Наша публика на всех этих диспутах не давала себя в обиду, держалась уверенно и решительно переходила от обороны к нападению. Помню диспут Милюкова со студентом Калафати. Милюков старался доказать, что история России идет не тем путем, каким шла история Европы, что у нас не было феодализма, государство слагалось другими путями, не было борьбы классов, роль правительства была определяющей и создающей сословия в интересах государства. Эта надклассовость правительства особенно проявилась в освобождении крестьян, которое правительство провело в интересах государства, как целого. Калафати, много работавший как раз по русской истории, выступил с критикой этих взглядов Милюкова. Он доказывал, что феодализм в несколько иных формах был и у нас, что русское самодержавие сложилось в борьбе с крупными феодалами, опираясь тоже, как и в Европе, на мелкое дворянство и на города, на Москву, на города северной Руси, как это видно из движения, во главе которого встал нижегородский купец Минин в Смутное время; что касается освобождения крестьян, то оно было произведено под давлением роста торговли и промышленности, а также и под страхом крестьянских бунтов, и притом оно было проведено так, что крестьяне были ограблены в интересах дворян-помещиков и их государства.
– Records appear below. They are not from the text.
(* Let $1\le k\le n$ and $p=c_n^k$. Suppose $X$ is a real symmetric $n\times n$ matrix given together with a diagonalization $X=Q\Lambda Q^{\intercal}$ ($Q$ orthogonal, $\Lambda$ diagonal). Then there is an algorithm that computes the vector $v\in\mathbb{R}^n$ with $v_i=p|_{\{i\}}(X)$ for all $i\in[n]$ using $O(n^{\omega})$ floating point operations.
   Context: $c_n^k(X)=\sum_{S\subseteq[n],|S|=k}\det(X|_S)$ with $X|_S$ the principal submatrix indexed by $S$; $p|_{\{i\}}(X)=\sum_{|S|=k,\,i\in S}\det(X|_S)$. $\omega$ is the matrix multiplication exponent. *)

From HB Require Import structures.
From mathcomp Require Import all_boot all_order all_algebra all_fingroup.
From mathcomp Require Import reals exp.
Set Implicit Arguments. Unset Strict Implicit. Unset Printing Implicit Defensive.
Import Order.TTheory GRing.Theory Num.Theory.
Local Open Scope ring_scope.

Definition principal_submx (R : pzRingType) (n : nat) (X : 'M[R]_n)
  (S : {set 'I_n}) : 'M[R]_#|S| :=
  mxsub (@enum_val _ (mem S)) (@enum_val _ (mem S)) X.

Definition char_coef (R : comPzRingType) (n k : nat) (X : 'M[R]_n) : R :=
  \sum_(S : {set 'I_n} | #|S| == k) \det (principal_submx X S).

(* p|_{i}(X) = sum_{|S| = k, i in S} det(X|_S), for p = c_n^k *)
Definition char_coef_restr (R : comPzRingType) (n k : nat) (i : 'I_n)
  (X : 'M[R]_n) : R :=
  \sum_(S : {set 'I_n} | (#|S| == k) && (i \in S)) \det (principal_submx X S).

(* References to earlier values are by position; out-of-range references
   read 0 (as does division by zero, by the MathComp convention x/0 = 0).
   Every instruction counts as one floating point operation. *)
Inductive instr (R : Type) : Type :=
| IConst of R
| IInput of nat
| IAdd of nat & nat
| ISub of nat & nat
| IMul of nat & nat
| IDiv of nat & nat.

Record slp (R : Type) : Type := SLP { slp_code : seq (instr R); slp_out : seq nat }.

Definition step (R : fieldType) (inp acc : seq R) (c : instr R) : R :=
  match c with
  | IConst x => x
  | IInput j => nth 0 inp j
  | IAdd a b => nth 0 acc a + nth 0 acc b
  | ISub a b => nth 0 acc a - nth 0 acc b
  | IMul a b => nth 0 acc a * nth 0 acc b
  | IDiv a b => nth 0 acc a / nth 0 acc b
  end.

Fixpoint run (R : fieldType) (inp : seq R) (code : seq (instr R)) (acc : seq R)
  : seq R :=
  match code with
  | [::] => acc
  | c :: code' => run inp code' (rcons acc (step inp acc c))
  end.

Definition slp_eval (R : fieldType) (P : slp R) (inp : seq R) : seq R :=
  let vals := run inp (slp_code P) [::] in
  [seq nth 0 vals j | j <- slp_out P].

Definition slp_cost (R : Type) (P : slp R) : nat := size (slp_code P).

(* row-major list of the entries of a matrix *)
Definition mx_entries (R : Type) (m n : nat) (A : 'M[R]_(m, n)) : seq R :=
  [seq A ij.1 ij.2 | ij <- (enum {: 'I_m * 'I_n})].

(* tau is an achievable matrix multiplication exponent over R:
   n x n matrices can be multiplied with O(n^tau) operations.
   omega is the infimum of such tau; "O(n^omega)" is read as
   "O(n^tau) for every achievable tau". *)
Definition mm_exponent (R : realType) (tau : R) : Prop :=
  exists C : R, forall n : nat, (1 <= n)%N ->
    exists P : slp R,
      (forall A B : 'M[R]_n,
         slp_eval P (mx_entries A ++ mx_entries B) = mx_entries (A *m B)) /\
      (slp_cost P)%:R <= C * powR n%:R tau.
Как-никак мы, марксисты, были вооружены великой марксистской теорией, с высоты которой было не так-то трудно парировать удары народников и либералов. Мы были в боевом, приподнятом настроении и с увлечением отдавались борьбе, уверенные, что мы победим наших противников и поведем за собой радикальную интеллигенцию. Наши тогдашние успехи в пропаганде среди рабочих, о чем я скажу ниже, давали нам еще большую уверенность в наших победах.